What Is a Debit Card?

Debit cards offer the convenience of a credit card but work in a different way. Debit cards draw money directly from your checking account when you make the purchase. They do this by placing a hold on the amount of the purchase. Then the merchant sends in the transaction to their bank and it is transferred to the merchant's account. It can take a few days for this to happen, and the hold may drop off before the transaction goes through.
That’s why it’s important to keep a running balance of your checking account to make sure you do not accidentally overdraw your account.
You will have a PIN to use with your debit card at stores or ATMs. However, you can also use your debit card without a PIN at most merchants. You will just sign the receipt like you would with a credit card. Below are some other facts regarding debit cards.
  • A debit card is tied directly to your checking account.
  • It can be used where a credit card can be used.
  • Generally, you will use your PIN to complete the transactions.

What Is a Credit Card?

A credit card is a card that allows you to borrow money against a line of credit, otherwise known as the card’s credit limit. You use the card to make basic transactions, which are then reflected on your bill.
Worth noting: you are charged interest on your purchases, though there is no interest charged if you do not carry your balance over from month to month. Credit cards have high interest rates, and your credit card balance and payment history can affect your credit score. Below are other facts about credit cards:
  • A credit card is a line of credit you can access with your card.
  • Generally, you must sign on these purchases (exceptions may be at the gas pump or for small amounts at a drive-through window).
  • You will pay interest on the purchases made if not paid off in 30 days.

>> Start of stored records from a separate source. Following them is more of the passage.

(* For every $r\in(\tfrac13,\tfrac12]$, $\gamma(\omega_r)>4$. In particular, the simulation cost of every entangled unsteerable two-qubit Werner state exceeds $4$, which is strictly greater than that of any separable Werner state $\omega_r$, $r\in[0,\tfrac13]$.
   Context: $\omega_r=r|\Psi^-\rangle\langle\Psi^-|+(1-r)\mathbb{I}\otimes\mathbb{I}/4$ with $|\Psi^-\rangle=(|01\rangle-|10\rangle)/\sqrt2$; it is separable iff $r\le\tfrac13$. The assemblage generated from $\rho_{AB}$ by POVMs $\{M_{a|x}\}$ on $A$ is $\sigma_{a|x}=\mathrm{Tr}_A[(M_{a|x}\otimes\mathbb{I})\rho_{AB}]$; an LHS model of size $n$ is a distribution $p(i)$ on $\{1,\dots,n\}$, states $\rho_i$ on $B$ and conditional probabilities $p(a|x,i)$ with $\sigma_{a|x}=\sum_{i=1}^n p(a|x,i)p(i)\rho_i$. $\gamma(\rho_{AB})$ is the smallest $n$ such that every assemblage generated from $\rho_{AB}$ by any family of POVMs on $A$ admits an LHS model of size $n$ ($+\infty$ if no such $n$). *)

From HB Require Import structures.
From mathcomp Require Import all_boot all_order all_algebra.
From mathcomp Require Import complex reals.
Set Implicit Arguments. Unset Strict Implicit. Unset Printing Implicit Defensive.
Import Order.TTheory GRing.Theory Num.Theory.
Local Open Scope ring_scope.
Local Open Scope complex_scope.

Section Defs.
Variable R : realType.
Local Notation C := R[i].

Definition adj {m n} (A : 'M[C]_(m, n)) : 'M[C]_(n, m) :=
  \matrix_(i, j) (A j i)^*.

(* positive semidefinite: <v, A v> >= 0 for every vector v (in the complex
   order of R[i], i.e. real and nonnegative) *)
Definition psd {n} (A : 'M[C]_n) : Prop :=
  forall v : 'cV[C]_n, 0 <= (adj v *m A *m v) 0 0.

Definition density {n} (A : 'M[C]_n) : Prop := psd A /\ \tr A = 1.

Definition povm {n k} (M : 'I_k -> 'M[C]_n) : Prop :=
  (forall a, psd (M a)) /\ \sum_(a < k) M a = 1%:M.

(* Two-qubit operators are 4x4 matrices; the basis vector |a b> has index
   mxvec_index a b (a : system A, b : system B). *)
Definition ab (a b : 'I_2) : 'I_(2 * 2) := mxvec_index a b.

(* Tr_A[(M (x) I) rho] *)
Definition ptrA_apply (M : 'M[C]_2) (rho : 'M[C]_(2 * 2)) : 'M[C]_2 :=
  \matrix_(j, j') \sum_(i < 2) \sum_(i' < 2) M i i' * rho (ab i' j) (ab i j').

Definition assemblage {X : Type} {k} (M : X -> 'I_k -> 'M[C]_2)
  (rho : 'M[C]_(2 * 2)) : X -> 'I_k -> 'M[C]_2 :=
  fun x a => ptrA_apply (M x a) rho.

Definition LHS_model_of_size {X : Type} {k} (sigma : X -> 'I_k -> 'M[C]_2)
  (n : nat) : Prop :=
  exists (p : 'I_n -> R) (rhoB : 'I_n -> 'M[C]_2) (q : X -> 'I_n -> 'I_k -> R),
    [/\ (forall i, 0 <= p i), \sum_(i < n) p i = 1 &
        (forall i, density (rhoB i))] /\
    [/\ (forall x i a, 0 <= q x i a),
        (forall x i, \sum_(a < k) q x i a = 1) &
        (forall x a, sigma x a = \sum_(i < n) ((q x i a * p i)%:C *: rhoB i))].

Definition all_assemblages_LHS (rho : 'M[C]_(2 * 2)) (n : nat) : Prop :=
  forall (X : Type) (k : nat) (M : X -> 'I_k -> 'M[C]_2),
    (forall x, povm (M x)) -> LHS_model_of_size (assemblage M rho) n.

(* gamma(rho) > m, unfolding "gamma = smallest n with all_assemblages_LHS
   (+oo if none)": no n <= m works. *)
Definition gamma_gt (rho : 'M[C]_(2 * 2)) (m : nat) : Prop :=
  forall n, (n <= m)%N -> ~ all_assemblages_LHS rho n.

(* singlet |Psi^-> = (|01> - |10>)/sqrt 2 ; projector entries
   psi(x) conj(psi(y)) with the normalisation 1/2 *)
Definition psim_un (x : 'I_(2 * 2)) : C :=
  if x == ab 0 1 then 1 else if x == ab 1 0 then -1 else 0.

Definition singlet_proj : 'M[C]_(2 * 2) :=
  \matrix_(x, y) (2^-1 * (psim_un x * (psim_un y)^*)).

Definition werner (r : R) : 'M[C]_(2 * 2) :=
  r%:C *: singlet_proj + ((1 - r) / 4)%:C *: 1%:M.

End Defs.

(* Write T_r(M) = Tr_A[(M (x) I) omega_r] for the unnormalised state that a
   measurement operator M on A steers B into; it is the affine map
   T_r(M) = ((1+r)/4) tr(M) I - (r/2) M, which is invertible when r <> 0.
   Suppose every assemblage of omega_r has an LHS model with n <= 4 hidden
   states rho_i of weights p_i.  Test it on the assemblage of all two-outcome
   measurements {E, I - E}, E ranging over qubit effects, and view 2x2
   matrices as vectors of C^4.  Then vec(T_r E) = q_E A, where A is the n x 4
   matrix with rows p_i vec(rho_i) and q_E is the response vector of the
   outcome E.  Since the effects |0><0|, |1><1|, |+><+|, |+i><+i| span all 2x2
   matrices and T_r is onto, A has rank 4; hence n = 4, A is invertible and
   q_E = vec(T_r E) A^-1 is determined.  Every state is an effect, so E = rho_i
   is allowed, and the nonnegative number sum_i q_(rho_i),i p_i evaluates, as
   a trace, to (1 + r - n r)/2 = (1 - 3r)/2 < 0 for r > 1/3. *)

From HB Require Import structures.
From mathcomp Require Import all_boot all_order all_algebra.
From mathcomp Require Import complex reals.
From mathcomp Require Import ring lra.
Set Implicit Arguments.
Unset Strict Implicit.
Unset Printing Implicit Defensive.
Import Order.TTheory GRing.Theory Num.Theory.
Local Open Scope ring_scope.
Local Open Scope complex_scope.

Lemma ab_eq (a b c d : 'I_2) : (ab a b == ab c d) = (a == c) && (b == d).
Proof.
apply/eqP/andP => [|[/eqP-> /eqP->] //].
by move=> /cast_ord_inj /enum_rank_inj [-> ->].
Qed.

Lemma ord2P (i : 'I_2) : i = ord0 \/ i = ord_max.
Proof. by case: i => [[|[|//]] lt_i2]; [left | right]; apply: val_inj. Qed.

Lemma sum_ord2 (V : nmodType) (F : 'I_2 -> V) : \sum_(i < 2) F i = F ord0 + F ord_max.
Proof. by rewrite big_ord_recr big_ord1; congr (F _ + _); apply: val_inj. Qed.

Section Qubit.
Variable R : realType.
Local Notation C := R[i].

Lemma trace2 (M : 'M[C]_2) : \tr M = M ord0 ord0 + M ord_max ord_max.
Proof. exact: sum_ord2. Qed.

Lemma quad_form2 (v : 'cV[C]_2) (M : 'M[C]_2) :
  (adj v *m M *m v) 0 0 =
  (v ord0 0)^* * (M ord0 ord0 * v ord0 0 + M ord0 ord_max * v ord_max 0) +
  (v ord_max 0)^* * (M ord_max ord0 * v ord0 0 + M ord_max ord_max * v ord_max 0).
Proof. by rewrite !mxE !sum_ord2 !mxE !sum_ord2 !mxE; ring. Qed.

(* Nonnegative multiples of rank-one projectors w w^* are positive:
   <v, c w w^* v> = c |<v, w>|^2. *)
Lemma psd_rank1 n (c : R) (w : 'cV[C]_n) : 0 <= c -> psd (c%:C *: (w *m adj w)).
Proof.
move=> c_ge0 v; set x := (adj v *m w) 0 0.
have -> : (adj v *m (c%:C *: (w *m adj w)) *m v) 0 0 = c%:C * (x * x^*).
  rewrite -scalemxAr -scalemxAl mxE (mulmxA (adj v)) -mulmxA mxE big_ord1.
  congr (_ * (_ * _)); rewrite /x !mxE rmorph_sum; apply: eq_bigr => k _.
  by rewrite !mxE rmorphM /= conjCK mulrC.
by apply: mulr_ge0; [rewrite lecR | exact: mulcJ_ge0].
Qed.

(* An effect is an operator E with 0 <= E <= I; these are exactly the first
   elements of the two-outcome POVMs {E, I - E}. *)
Definition effect (E : 'M[C]_2) : Prop := psd E /\ psd (1%:M - E).

(* Every qubit state is an effect: for a trace-one 2x2 matrix rho,
   <v, (I - rho) v> = <w, rho w> with w = (-conj v_1, conj v_0). *)
Lemma density_effect (rho : 'M[C]_2) : density rho -> effect rho.
Proof.
move=> [rho_psd tr_rho]; split=> // v.
pose w : 'cV[C]_2 := \col_k (if k == ord0 then - (v ord_max 0)^* else (v ord0 0)^*).
have -> : (adj v *m (1%:M - rho) *m v) 0 0 = (adj w *m rho *m w) 0 0.
  have rho00 : rho ord0 ord0 = 1 - rho ord_max ord_max.
    by rewrite -tr_rho trace2 addrK.
  rewrite !quad_form2 !mxE /= rho00 rmorphN /= !conjCK; ring.
exact: rho_psd.
Qed.

Definition werner_channel (r : R) (M : 'M[C]_2) : 'M[C]_2 := ptrA_apply M (werner r).

Lemma werner_channelE (r : R) (M : 'M[C]_2) :
  werner_channel r M = (((1 + r) / 4)%:C * \tr M) *: 1%:M - (r / 2)%:C *: M.
Proof.
apply/matrixP => j j'; rewrite !mxE trace2 !sum_ord2 !mxE /psim_un !ab_eq /=.
by case: (ord2P j) => ->; case: (ord2P j') => -> /=; field.
Qed.

Lemma werner_channel_is_linear (r : R) : linear (werner_channel r).
Proof.
move=> a M N; rewrite !werner_channelE mxtraceD mxtraceZ.
by apply/matrixP => i j; rewrite !mxE; ring.
Qed.

HB.instance Definition _ (r : R) :=
  GRing.isLinear.Build C 'M[C]_2 'M[C]_2 _ (werner_channel r) (werner_channel_is_linear r).

Definition werner_channel_inv (r : R) (Y : 'M[C]_2) : 'M[C]_2 :=
  (2 / r)%:C *: ((((1 + r) / 2)%:C * \tr Y) *: 1%:M - Y).

Lemma werner_channel_invK (r : R) (Y : 'M[C]_2) :
  r != 0 -> werner_channel r (werner_channel_inv r Y) = Y.
Proof.
move=> r_neq0; have rC_neq0 : r%:C != 0 by rewrite eq_complex /= eqxx andbT.
apply/matrixP => i j; rewrite werner_channelE trace2 !mxE trace2.
by case: (ord2P i) => ->; case: (ord2P j) => -> /=; field.
Qed.

Lemma effect_rank1 (E : 'M[C]_2) (c c' : R) (w w' : 'cV[C]_2) :
  0 <= c -> 0 <= c' -> E = c%:C *: (w *m adj w) ->
  1%:M - E = c'%:C *: (w' *m adj w') -> effect E.
Proof.
move=> c_ge0 c'_ge0 E_rank1 coE_rank1.
by split; [rewrite E_rank1 | rewrite coE_rank1]; apply: psd_rank1.
Qed.

Definition mx2 (a b c d : C) : 'M[C]_2 :=
  \matrix_(i, j) if i == ord0 then (if j == ord0 then a else b)
                 else (if j == ord0 then c else d).

Definition cv2 (a b : C) : 'cV[C]_2 := \col_k (if k == ord0 then a else b).

Definition proj0 : 'M[C]_2 := mx2 1 0 0 0.
Definition proj1 : 'M[C]_2 := mx2 0 0 0 1.
Definition proj_plus : 'M[C]_2 := 2^-1 *: mx2 1 1 1 1.
Definition proj_plus_i : 'M[C]_2 := 2^-1 *: mx2 1 (- 'i%R) 'i%R 1.

Ltac entrywise := apply/matrixP;
  do 2 (let k := fresh "k" in move=> k; case: (ord2P k) => ->);
  rewrite !mxE ?big_ord1 ?mxE /=.

Ltac complex_field := simpc;
  apply/eqP; rewrite eq_complex /=; apply/andP; split; apply/eqP; field.

Lemma proj0_effect : effect proj0.
Proof.
by apply: (@effect_rank1 _ 1 1 (cv2 1 0) (cv2 0 1)) => //; entrywise; complex_field.
Qed.

Lemma proj1_effect : effect proj1.
Proof.
by apply: (@effect_rank1 _ 1 1 (cv2 0 1) (cv2 1 0)) => //; entrywise; complex_field.
Qed.

Lemma proj_plus_effect : effect proj_plus.
Proof.
apply: (@effect_rank1 _ 2^-1 2^-1 (cv2 1 1) (cv2 1 (-1))); rewrite ?invr_ge0 ?ler0n //.
all: by entrywise; complex_field.
Qed.

Lemma proj_plus_i_effect : effect proj_plus_i.
Proof.
apply: (@effect_rank1 _ 2^-1 2^-1 (cv2 1 'i%R) (cv2 1 (-'i%R)));
  rewrite ?invr_ge0 ?ler0n //.
all: by entrywise; complex_field.
Qed.

Lemma effects_span (M : 'M[C]_2) : exists l0 l1 lp li : C,
  M = l0 *: proj0 + l1 *: proj1 + lp *: proj_plus + li *: proj_plus_i.
Proof.
have i_neq0 : 'i%R != 0 :> C := neq0Ci _.
pose lp := M ord0 ord_max + M ord_max ord0.
pose li := (M ord_max ord0 - M ord0 ord_max) / 'i%R.
exists (M ord0 ord0 - (lp + li) / 2), (M ord_max ord_max - (lp + li) / 2), lp, li.
by entrywise; rewrite /lp /li; field.
Qed.

Lemma row_full_channel_images (r : R) m (B : 'M[C]_(m, 2 * 2)) : r != 0 ->
  (forall E, effect E -> (mxvec (werner_channel r E) <= B)%MS) -> row_full B.
Proof.
move=> r_neq0 B_effects.
have B_scaled E l : effect E -> (mxvec (werner_channel r (l *: E)) <= B)%MS.
  by move=> E_effect; rewrite !linearZ; apply/scalemx_sub/B_effects.
rewrite -sub1mx; apply/row_subP => k.
rewrite -[row k _]vec_mxK; set Y := vec_mx _.
rewrite -(werner_channel_invK Y r_neq0).
have [l0 [l1 [lp [li ->]]]] := effects_span (werner_channel_inv r Y).
rewrite !(linearD (werner_channel r)) !linearD.
by do 3 ?apply: addmx_sub; apply: B_scaled;
  [exact: proj0_effect | exact: proj1_effect | exact: proj_plus_effect |
   exact: proj_plus_i_effect].
Qed.

Definition effect_type : Type := {E : 'M[C]_2 | effect E}.

Definition binary_measurement (E : effect_type) (a : 'I_2) : 'M[C]_2 :=
  if a == ord0 then sval E else 1%:M - sval E.

Lemma binary_measurement_povm (E : effect_type) : povm (binary_measurement E).
Proof.
split; last by rewrite sum_ord2 /binary_measurement /= addrC subrK.
by case: E => E [E_psd coE_psd] a; rewrite /binary_measurement; case: ifP.
Qed.

(* An LHS model of the first outcomes of the effect assemblage: hidden states
   rho_i with weights p_i, and q E i the probability that hidden state i
   answers E. *)
Section LHSModel.
Variables (r : R) (n : nat) (p : 'I_n -> R) (rho : 'I_n -> 'M[C]_2).
Variable q : effect_type -> 'I_n -> R.
Hypothesis rho_density : forall i, density (rho i).
Hypothesis model : forall E : effect_type,
  werner_channel r (sval E) = \sum_i ((q E i * p i)%:C *: rho i).

Definition weighted_states : 'M[C]_(n, 2 * 2) := \matrix_i ((p i)%:C *: mxvec (rho i)).

Definition response (E : effect_type) : 'rV[C]_n := \row_i (q E i)%:C.

Lemma model_mxvec (E : effect_type) :
  mxvec (werner_channel r (sval E)) = response E *m weighted_states.
Proof.
rewrite model linear_sum mulmx_sum_row; apply: eq_bigr => i _.
by rewrite rowK mxE linearZ /= scalerA rmorphM.
Qed.

Lemma weighted_states_full : r != 0 -> row_full weighted_states.
Proof.
move=> r_neq0; apply: (row_full_channel_images r_neq0) => E E_effect.
by rewrite (model_mxvec (exist _ E E_effect)) submxMl.
Qed.

Definition state_effect (i : 'I_n) : effect_type :=
  exist _ (rho i) (density_effect (rho_density i)).

Definition self_response : R := \sum_i q (state_effect i) i * p i.

(* When the weighted states form an invertible matrix A (with inverse P), the
   responses are q_E = vec(T_r E) P and the self-response is a trace. *)
Lemma self_responseE : row_full weighted_states -> row_free weighted_states ->
  self_response = (1 + r - n%:R * r) / 2.
Proof.
move=> full free; set A := weighted_states; set P := pinvmx A.
have PA1 : P *m A = 1%:M by rewrite -[P]mul1mx mulmxKpV ?submx_full.
have responseE E : response E = mxvec (werner_channel r (sval E)) *m P.
  by rewrite model_mxvec mulmxKp.
have tr_rho i : \tr (rho i) = 1 by case: (rho_density i).
have rowA i : (p i)%:C *: mxvec (werner_channel r (rho i)) =
    (((1 + r) / 4)%:C * (p i)%:C) *: mxvec 1%:M - (r / 2)%:C *: row i A.
  rewrite werner_channelE tr_rho mulr1 rowK linearB !linearZ /= scalerDr !scalerA.
  by rewrite ![(p i)%:C * _]mulrC.
pose al := mxvec (1%:M : 'M[C]_2) *m P.
(* vec(I) = al A = sum_i al_i p_i vec(rho_i); take traces. *)
have weights : \sum_i (p i)%:C * al 0 i = 2.
  have := congr1 (fun v => \tr (vec_mx v)) (mulmxA (mxvec 1%:M) P A).
  rewrite /= PA1 mulmx1 mxvecK mxtrace1 mulmx_sum_row !linear_sum /= => ->.
  by apply: eq_bigr => i _; rewrite rowK !linearZ /= mxvecK tr_rho mulr1 mulrC.
have : self_response%:C = ((1 + r - n%:R * r) / 2)%:C; last by case.
rewrite rmorph_sum /=.
transitivity (\sum_i (((1 + r) / 4)%:C * ((p i)%:C * al 0 i) - (r / 2)%:C * (A *m P) i i)).
  apply: eq_bigr => i _.
  have -> : (q (state_effect i) i * p i)%:C = ((p i)%:C *: response (state_effect i)) 0 i.
    by rewrite !mxE rmorphM mulrC.
  by rewrite responseE scalemxAl rowA mulmxBl -!scalemxAl -row_mul !mxE mulrA.
rewrite sumrB -!mulr_sumr weights (mulmxVp free) (mxtrace1 _ n : \sum_i _ = _).
rewrite -!(rmorph_nat (@real_complex R)) -!rmorphM -rmorphB; congr (_%:C).
by field.
Qed.
End LHSModel.
End Qubit.

Local Close Scope complex_scope.

Theorem corollary1 (R : realType) (r : R) :
  3^-1 < r -> r <= 2^-1 -> gamma_gt (werner r) 4.
Proof.
move=> r_gt _ n n_le4 all_lhs.
have r_neq0 : r != 0 by apply: lt0r_neq0; apply: lt_trans r_gt; rewrite invr_gt0 ltr0n.
have [p [rho [q [[p_ge0 _ rho_density] [q_ge0 _ model]]]]] :=
  all_lhs _ _ _ (@binary_measurement_povm R).
pose q0 E i := q E i ord0.
have model0 E : werner_channel r (sval E) = \sum_i ((q0 E i * p i)%:C *: rho i)%C.
  exact: model E ord0.
(* The weighted states have rank 4 and at most 4 rows: they are invertible. *)
have full := weighted_states_full model0 r_neq0.
have free : row_free (weighted_states p rho).
  by rewrite /row_free eqn_leq rank_leq_row (eqP full).
have n4 : n = 4 by rewrite -(eqP free) (eqP full).
have self_ge0 : 0 <= self_response p q0 rho_density.
  by apply: sumr_ge0 => i _; apply: mulr_ge0; [exact: q_ge0 | exact: p_ge0].
move: self_ge0; rewrite (self_responseE rho_density model0 full free) n4.
lra.
Qed.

Debit Cards vs. Credit Cards

It used to be commonly thought that you needed a credit card to complete certain transactions, such as rent a car or to purchase items online, or that it was safer and easier to travel with a credit card rather than carrying cash or using a checkbook.
Some also argue that a credit card offers additional insurance on purchases and makes it easier to request a refund or a return. You should carefully read the disclosure information for your credit card to understand the benefit.
Debit cards offer the same convenience without requiring you to borrow the money to complete the transactions, though debit cards don’t always provide the same consumer protections of credit cards.
It can be difficult to determine when to use a credit card or a debit card. Be sure to do your research to determine the right option for you.

Choosing the Best Card for the Situation

If you have spending issues, it is a better option to use your debit card whenever possible, because it will prevent you from accidentally falling into the credit carddebt.
It also depends on the purchase. Some rental car agencies and hotels may still request a credit card over a debit card because they want to have a card where they can bill you for damages to their property.
Others may argue that using a credit card is the better option to take advantage of credit card reward programs. This works if you pay off the balance in full each month. However, if you do not, whatever you end up saving in rewards you will pay in interest. Other facts to consider when choosing whether to use a credit or debit card:
  • Consider using credit cards for hotel reservations and car rentals.
  • For daily purchases, your debit card can help you stick to your budget.
  • If you are going to take advantage of rewards, be sure to pay off the balance in full each month.

Protecting Your Credit

Both a credit and debit card have similar risks when it comes to identity theft. If your credit or debit card information has been compromised, you will need to contact your bank immediately. You should also take additional steps and monitor your credit report to make sure that your identity was not stolen.

Additionally, it is important to check your statements each month to make sure you can identify all charges. That way, you can get any fraudulent charges refunded immediately. Also be sure to report it immediately, since banks limit the length of time that you can report a fraudulent charge on the account.